The novel features exactly what the title says (in a way!): witches who live in Cambridge (England), and I think that may have been a part of the problem - too many main characters and too little time spent getting to know them in a coherent block of text. Instead, we jumped abruptly and repeatedly from one to another, usually in the same chapter, so I had a really hard time separating one character from another. Initially, they all conflated since they really all seemed to be the same person with the same life and the same basic problem. Most of them are female, and it was depressing to read of the same (or monotonously similar) problems occurring with one witch after another.

There seemed to be no explanation as to why magical people had these problems, but perhaps that was because these so-called 'witches' were curiously hobbled in what they could do, too. They don’t have pointy hats or magic wands - for which I was grateful - but neither do they seem to be able to perform spells. They seemed far more like characters from the Heroes Reborn TV show, who have quirky powers which they can use, but which are quite restricted in many ways. Normally I like quirky; here it was uninspired.

Let me get one issue out of the way which has nothing to do with this author or this publisher. There were some formatting problems in the Kindle app version on my Android smart phone. I've seen these kinds of issues in other ebooks. At one point in this novel for example, there was a mathematical formula reproduced on the screen, but it precedes the sentence which introduces it: "Her favorite, the fundamental theorem of calculus, is framed in silver and glass above her desk:" The formula was supposed to appear (I assume!) after the colon, but it appeared before that entire sentence. I'm fairly confident that this wasn't how it appeared in the author's original. I’d be annoyed were I the author and Amazon screwed-up what I’d written and formatted, because it has a crappy ebook app.

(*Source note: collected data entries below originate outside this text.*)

(* If $n$ is divisible by $8$, then $\hat r_n\le\frac85$.
   Context: Equal responsibilities; chores $e_1,e_2,\ldots,e_m$. A picking order $S\in[n]^m$ allocates $A_i(S)=\{e_r:S_r=i\}$ to agent $i$. For additive $c_i\ge0$ with $c_i(e_1)\ge c_i(e_2)\ge\cdots$, $CS_i=\max\{\frac1nc_i(\{e_1,\ldots,e_m\}),c_i(e_1),c_i(e_n)+c_i(e_{n+1})\}$ (zeros beyond $m$). $r_{n,m}(S)=\sup_i\sup_{c_i}c_i(A_i(S))/CS_i$. A ridge picking order has $m\ge2n$, $S_r=r$ and $S_{n+r}=n-r+1$ for $1\le r\le n$. $\hat r_{n,m}=\min\{r_{n,m}(S):S\text{ ridge of length }m\}$, $\hat r_n=\sup_{m\ge 2n}\hat r_{n,m}$. *)

From HB Require Import structures.
From mathcomp Require Import all_boot all_order all_algebra.
From mathcomp Require Import reals.
Set Implicit Arguments. Unset Strict Implicit. Unset Printing Implicit Defensive.
Import Order.TTheory GRing.Theory Num.Theory.
Local Open Scope ring_scope.

(* Conventions: agents are 1..n, chores/positions are 1..m (1-based, as in
   the paper).  A picking order S : [n]^m is a function nat -> nat whose
   values on positions 1..m lie in 1..n (values elsewhere are irrelevant). *)
Definition picking_order (n m : nat) (S : nat -> nat) : Prop :=
  forall r, (1 <= r <= m)%N -> (1 <= S r <= n)%N.

Definition ridge (n m : nat) (S : nat -> nat) : Prop :=
  [/\ picking_order n m S, (2 * n <= m)%N &
      forall r, (1 <= r <= n)%N -> S r = r /\ S (n + r)%N = (n - r + 1)%N].

(* An additive cost function, given by its values c(e_r), r = 1..m:
   nonnegative and ordered c(e_1) >= c(e_2) >= ... >= c(e_m). *)
Definition cost_fn (R : realType) (m : nat) (c : nat -> R) : Prop :=
  (forall r, (1 <= r <= m)%N -> 0 <= c r) /\
  (forall r s, (1 <= r)%N -> (r <= s)%N -> (s <= m)%N -> c s <= c r).

Definition cz (R : realType) (m : nat) (c : nat -> R) (k : nat) : R :=
  if (1 <= k <= m)%N then c k else 0.

Definition bundle_cost (R : realType) (m : nat) (S : nat -> nat) (c : nat -> R)
  (i : nat) : R :=
  \sum_(1 <= r < m.+1 | S r == i) c r.

Definition CS (R : realType) (n m : nat) (c : nat -> R) : R :=
  Num.max (Num.max (n%:R^-1 * \sum_(1 <= r < m.+1) c r) (cz m c 1))
          (cz m c n + cz m c n.+1).

(* r_{n,m}(S) <= x : for every agent i and every admissible cost c_i,
   c_i(A_i(S)) <= x * CS_i  (i.e. every ratio c_i(A_i(S))/CS_i is <= x;
   the inequality form also handles the all-zero cost, where CS_i = 0). *)
Definition ratio_le (R : realType) (n m : nat) (S : nat -> nat) (x : R) : Prop :=
  forall i, (1 <= i <= n)%N ->
  forall c : nat -> R, cost_fn m c -> bundle_cost m S c i <= x * CS n m c.

(* \hat r_{n,m} <= x : the minimum over (the finitely many) ridge orders of
   length m of r_{n,m}(S) is <= x, i.e. some ridge order S has r_{n,m}(S) <= x. *)
Definition hat_r_nm_le (R : realType) (n m : nat) (x : R) : Prop :=
  exists S, ridge n m S /\ ratio_le n m S x.

Definition hat_r_n_le (R : realType) (n : nat) (x : R) : Prop :=
  forall m, (2 * n <= m)%N -> hat_r_nm_le n m x.

From HB Require Import structures.
From mathcomp Require Import all_boot all_order all_algebra.
From mathcomp Require Import reals.
From mathcomp Require Import zify ring.

Set Implicit Arguments.
Unset Strict Implicit.
Unset Printing Implicit Defensive.

Import Order.TTheory GRing.Theory Num.Theory.

(* Write n = 8k and split the agents into eight groups of k consecutive
   agents.  After the ridge (positions 1..16k) the order hands out blocks of
   k positions, one chore to each agent of a group, the groups following a
   pattern of period 40.  Let A, C, E be [first_weight j], [mean_weight j],
   [pair_weight j].  For an agent of group j, the number of its chores among
   the first u positions never exceeds the prefix mass of the weight placing
   A/40 on e_1, C/(40k) on every chore and E/40 on each of e_n, e_(n+1).  As
   costs are nonnegative and nonincreasing, Abel summation turns this into
     c(A_i) <= A/40 c(e_1) + C/5 c(all)/n + E/40 (c(e_n) + c(e_(n+1))),
   which is at most (A + 8 C + E)/40 CS = 8/5 CS. *)

Definition tail_pattern : seq nat :=
  [:: 5; 6; 7; 4; 5; 3; 2; 6; 7; 4; 5; 1; 0; 7; 6; 5; 3; 4; 2; 5;
      7; 6; 4; 1; 0; 5; 3; 2; 6; 7; 4; 5; 7; 6; 5; 3; 4; 2; 1; 0].

Definition tail_group (b : nat) : nat := nth 0 tail_pattern (b %% 40).

Definition group_blocks (j B : nat) : nat :=
  count (fun b => tail_group b == j) (iota 0 B).

Definition first_weight (j : nat) : nat := nth 0 [:: 40; 37; 32; 28; 16; 0; 4; 0] j.
Definition mean_weight (j : nat) : nat := nth 0 [:: 3; 3; 4; 4; 6; 8; 6; 6] j.
Definition pair_weight (j : nat) : nat := nth 0 [:: 0; 3; 0; 4; 0; 0; 12; 16] j.

Lemma tail_group_lt8 b : tail_group b < 8.
Proof.
rewrite /tail_group; have : b %% 40 < 40 by rewrite ltn_mod.
by move: (b %% 40); do 40! case=> //.
Qed.

(* An agent of group [j] gets its two ridge chores after positions [j k]
   and [(15 - j) k]; [mean_weight j] is also its number of blocks per period. *)
Lemma weights_table j : j < 8 ->
  [/\ 40 <= first_weight j + mean_weight j * j,
      80 + mean_weight j * j <= first_weight j + 15 * mean_weight j + 2 * pair_weight j,
      first_weight j + 8 * mean_weight j + pair_weight j = 64 &
      group_blocks j 40 = mean_weight j].
Proof. by do 8! case: j => [//|j]. Qed.

Lemma group_blocksD40 j B : group_blocks j (40 + B) = group_blocks j 40 + group_blocks j B.
Proof.
rewrite /group_blocks iotaD count_cat (iotaDl 40 0) count_map.
by congr (_ + _); apply: eq_count => b; rewrite /= /tail_group modnDl.
Qed.

Lemma group_blocks_bound j B : j < 8 ->
  40 * (2 + group_blocks j B.+1) <= first_weight j + 2 * pair_weight j + mean_weight j * (16 + B).
Proof.
move=> j_lt8; elim/ltn_ind: B => B IH.
have [B_lt40 | B_ge40] := ltnP B 40.
  (* The first period is checked by computation, the others follow by periodicity. *)
  have first_period : all (fun j => all (fun B =>
      40 * (2 + group_blocks j B.+1) <= first_weight j + 2 * pair_weight j + mean_weight j * (16 + B))
      (iota 0 40)) (iota 0 8) by vm_compute.
  have /allP/(_ B) := allP first_period j ltac:(rewrite mem_iota; lia).
  by apply; rewrite mem_iota.
have [_ _ _ period] := weights_table j_lt8.
have := IH (B - 40) ltac:(lia).
have -> : B.+1 = 40 + (B - 40).+1 by lia.
rewrite group_blocksD40 period; nia.
Qed.

Definition tail_agent (k q : nat) : nat := tail_group (q %/ k) * k + q %% k + 1.

Definition ridge_order (k p : nat) : nat :=
  if p <= 8 * k then p
  else if p <= 16 * k then 16 * k + 1 - p
  else tail_agent k (p - 16 * k - 1).

Definition agent_count (k i u : nat) : nat :=
  count (fun p => ridge_order k p == i) (iota 1 u).

Lemma ridge_order_range k p : 0 < k -> 1 <= p -> 1 <= ridge_order k p <= 8 * k.
Proof.
move=> k_gt0 p_gt0; rewrite /ridge_order /tail_agent.
case: ifP => p_front; first lia.
case: ifP => p_middle; first lia.
have := tail_group_lt8 ((p - 16 * k - 1) %/ k).
have : (p - 16 * k - 1) %% k < k by rewrite ltn_mod.
move: (tail_group _) ((p - 16 * k - 1) %% k) => g r r_lt g_lt.
have : g * k <= 7 * k by rewrite leq_mul2r; lia.
lia.
Qed.

Lemma ridge_order_ridge k m : 0 < k -> 16 * k <= m -> ridge (8 * k) m (ridge_order k).
Proof.
move=> k_gt0 km; split=> [p /andP[p_gt0 _] | | r r_range].
- exact: ridge_order_range.
- lia.
rewrite /ridge_order ifT; last lia.
by rewrite ifF ?ifT; lia.
Qed.

Lemma agent_countS k i u :
  agent_count k i u.+1 = agent_count k i u + (ridge_order k u.+1 == i).
Proof. by rewrite /agent_count -(addn1 u) iotaD count_cat /= addn0 add1n addn1. Qed.

Lemma agent_count_front k i u : 1 <= i <= 8 * k -> u <= 16 * k ->
  agent_count k i u = (i <= u) + (16 * k + 1 - i <= u).
Proof.
move=> i_range; elim: u => [|u IH] u_le; first by rewrite /agent_count /=; lia.
rewrite agent_countS IH; last lia.
rewrite /ridge_order; case: ifP => [u_front | u_back]; first by case: eqP; lia.
by rewrite ifT; [case: eqP; lia | lia].
Qed.

Lemma agent_count_tail k i Q :
  agent_count k i (16 * k + Q) =
  agent_count k i (16 * k) + count (fun q => tail_agent k q == i) (iota 0 Q).
Proof.
rewrite /agent_count iotaD count_cat -(addn0 (1 + 16 * k)) iotaDl count_map.
congr (_ + _); apply: eq_count => q /=.
rewrite /ridge_order !ifF; try lia.
by have -> : 1 + 16 * k + q - 16 * k - 1 = q by lia.
Qed.

Lemma tail_agent_eq k j r q : r < k ->
  (tail_agent k q == (j * k + r).+1) = (tail_group (q %/ k) == j) && (q %% k == r).
Proof.
move=> r_lt; have k_gt0 : 0 < k by lia.
rewrite /tail_agent addn1 eqSS; apply/eqP/andP => [eq_jr | [/eqP <- /eqP <-] //].
have qr_lt : q %% k < k by rewrite ltn_mod.
split.
  by have := congr1 (divn^~ k) eq_jr; rewrite /= !divnMDl // (divn_small qr_lt) (divn_small r_lt) !addn0 => ->.
by have := congr1 (modn^~ k) eq_jr; rewrite /= !modnMDl (modn_small qr_lt) (modn_small r_lt) => ->.
Qed.

(* The blocks containing the tail positions of one agent are pairwise distinct. *)
Lemma tail_count_le k j r Q : r < k ->
  count (fun q => tail_agent k q == (j * k + r).+1) (iota 0 Q) <= group_blocks j (Q %/ k).+1.
Proof.
move=> r_lt; have k_gt0 : 0 < k by lia.
rewrite -size_filter /group_blocks -size_filter -(size_map (divn^~ k)).
apply: uniq_leq_size.
  rewrite map_inj_in_uniq ?filter_uniq ?iota_uniq // => x y.
  rewrite !mem_filter !tail_agent_eq // => /andP[/andP[_ /eqP xr] _] /andP[/andP[_ /eqP yr] _] xy.
  by rewrite (divn_eq x k) (divn_eq y k) xy xr yr.
move=> b /mapP[q]; rewrite mem_filter tail_agent_eq // mem_iota => /and3P[/andP[gq _] _ qQ] ->.
by rewrite mem_filter gq mem_iota ltnS leq_div2r // ltnW.
Qed.

Lemma agent_count_bound k j r u : j < 8 -> r < k ->
  40 * k * agent_count k (j * k + r).+1 u <=
  k * first_weight j + mean_weight j * u + k * pair_weight j * ((8 * k <= u) + (8 * k < u)).
Proof.
move=> j_lt8 r_lt; have k_gt0 : 0 < k by lia.
have jk_le : j * k <= 7 * k by rewrite leq_mul2r; lia.
have [first_ok pair_ok _ _] := weights_table j_lt8.
have := leq_mul first_ok (leqnn k); have := leq_mul pair_ok (leqnn k).
have := fun B => leq_mul (group_blocks_bound B j_lt8) (leqnn k).
move: (first_weight j) (mean_weight j) (pair_weight j) => A C E blocks_k pair_k first_k.
have [u_le | u_gt] := leqP u (16 * k).
  rewrite agent_count_front //; last lia.
  have [agent_le | agent_gt] := leqP (j * k + r).+1 u; last first.
    by rewrite (_ : (16 * k + 1 - (j * k + r).+1 <= u) = false) ?muln0 //; lia.
  have /(leq_mul (leqnn C)) : j * k <= u by lia.
  have [mirror_le | mirror_gt] := leqP (16 * k + 1 - (j * k + r).+1) u; last first.
    by move: (_ + (8 * k < u)) => w; lia.
  have -> : 8 * k <= u by lia.
  have -> : 8 * k < u by lia.
  move=> _; have /(leq_mul (leqnn C)) : 15 * k <= u + j * k by lia.
  by move=> mirror_C; clear -mirror_C pair_k; lia.
have -> : 8 * k <= u by lia.
have -> : 8 * k < u by lia.
have front : agent_count k (j * k + r).+1 (16 * k) = 2.
  have agent_le : (j * k + r).+1 <= 16 * k by lia.
  have mirror_le : 16 * k + 1 - (j * k + r).+1 <= 16 * k by lia.
  by rewrite agent_count_front ?agent_le ?mirror_le //; lia.
have tail_le := tail_count_le j (u - 16 * k) r_lt.
rewrite -[in agent_count _ _ u](subnKC (ltnW u_gt)) agent_count_tail front.
have := blocks_k ((u - 16 * k) %/ k); have := divn_eq (u - 16 * k) k.
have -> : u = 16 * k + (u - 16 * k) by lia.
rewrite addKn; move: (u - 16 * k) tail_le => Q.
move: (count _ _) => t /(leq_mul (leqnn k)) tail_le.
move: (Q %/ k) (Q %% k) tail_le => B r' tail_le -> blocks.
clear -tail_le blocks; lia.
Qed.

Local Open Scope ring_scope.

Lemma ler_abel_sum (R : numDomainType) m (c f g : nat -> R) :
  (forall r, (1 <= r <= m)%N -> 0 <= c r) ->
  (forall r s, (1 <= r)%N -> (r <= s)%N -> (s <= m)%N -> c s <= c r) ->
  (forall u, (1 <= u <= m)%N -> \sum_(1 <= p < u.+1) f p <= \sum_(1 <= p < u.+1) g p) ->
  \sum_(1 <= p < m.+1) c p * f p <= \sum_(1 <= p < m.+1) c p * g p.
Proof.
move=> c_ge0 c_noninc fg.
pose D u := \sum_(1 <= p < u.+1) (g p - f p).
have D_ge0 u : (u <= m)%N -> 0 <= D u.
  case: u => [|u] u_le; first by rewrite /D big_geq.
  by rewrite /D sumrB subr_ge0 fg //; lia.
have abel u : (u <= m)%N -> c u * D u <= \sum_(1 <= p < u.+1) c p * (g p - f p).
  elim: u => [|u IH] u_le; first by rewrite /D !big_geq // mulr0.
  rewrite /D big_nat_recr //= [X in _ <= X]big_nat_recr //= -/(D u) mulrDr lerD2r.
  apply: le_trans (IH (ltnW u_le)).
  have [->|u_gt0] := posnP u; first by rewrite /D big_geq // !mulr0.
  by apply: ler_wpM2r; [exact: D_ge0 (ltnW u_le) | apply: c_noninc; lia].
rewrite -subr_ge0 -sumrB.
under eq_bigr do rewrite -mulrBr.
have [->|m_gt0] := posnP m; first by rewrite big_geq.
apply: le_trans (abel m (leqnn m)).
by apply: mulr_ge0; [apply: c_ge0; lia | exact: D_ge0].
Qed.

Lemma sum_mul_indicator (R : pzSemiRingType) (F : nat -> R) (P : pred nat) m u :
  \sum_(m <= p < u) F p * (P p)%:R = \sum_(m <= p < u | P p) F p.
Proof.
rewrite [RHS]big_mkcond; apply: eq_big => // p _.
by case: (P p); rewrite ?mulr1 ?mulr0.
Qed.

Lemma sum_nat_count (R : pzSemiRingType) (P : pred nat) u :
  \sum_(1 <= p < u.+1) (P p)%:R = (count P (iota 1 u))%:R :> R.
Proof.
rewrite -natr_sum -sum1_count /index_iota subSS subn0.
by congr (_%:R); rewrite [RHS]big_mkcond; apply: eq_bigr => p _; case: (P p).
Qed.

Section Majorant.
Variables (R : numFieldType) (n : nat) (a b e : R).

Definition majorant (p : nat) : R :=
  a * (p == 1)%:R + b / n%:R + e * (p == n)%:R + e * (p == n.+1)%:R.

Lemma sum_mul_majorant (F : nat -> R) u :
  \sum_(1 <= p < u.+1) F p * majorant p =
  a * (if (1 <= 1 < u.+1)%N then F 1 else 0) + b / n%:R * \sum_(1 <= p < u.+1) F p +
  e * (if (1 <= n < u.+1)%N then F n else 0) + e * (if (1 <= n.+1 < u.+1)%N then F n.+1 else 0).
Proof.
rewrite (eq_bigr (fun p => a * (F p * (p == 1)%:R) + b / n%:R * F p
  + e * (F p * (p == n)%:R) + e * (F p * (p == n.+1)%:R))); last by move=> p _; rewrite /majorant; ring.
by rewrite !big_split /= -!mulr_sumr !sum_mul_indicator !big_nat1_eq.
Qed.

Lemma sum_majorant u : (0 < n)%N -> (0 < u)%N ->
  \sum_(1 <= p < u.+1) majorant p = a + b * u%:R / n%:R + e * ((n <= u)%:R + (n < u)%:R).
Proof.
move=> n_gt0 u_gt0; under eq_bigr do rewrite -[majorant _]mul1r.
rewrite sum_mul_majorant sumr_const_nat subn1 /= !ltnS u_gt0 n_gt0 /=.
by case: (n <= u)%N; case: (n < u)%N; rewrite /=; ring.
Qed.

The worst part was how slow the story seemed. It took forever to get anywhere, and I was, frankly, getting bored with the unremarkable minutiae of these people's lives and particularly irked by their self-pity and their constant, obsessive fretting over relationships, like they had no other interests in life, and nothing to offer in and of themselves. It was like they were only of any value when in the context of some partner, a partner with whom they seemed incapable of discussing problems which begs the question as to how their relationship could have been so idyllic in the first place. I know there are real life people who are as tame as these fictional people are, but I don’t like characters like that in novels, not unless they're going somewhere different, and soon, and none of these people appeared to have any direction, or any future. I especially dislike female characters like that, and it makes me wonder why so many female authors create them. I usually find them in YA novels, so it was especially sad to find them in a book which is ostensibly written for grown-ups.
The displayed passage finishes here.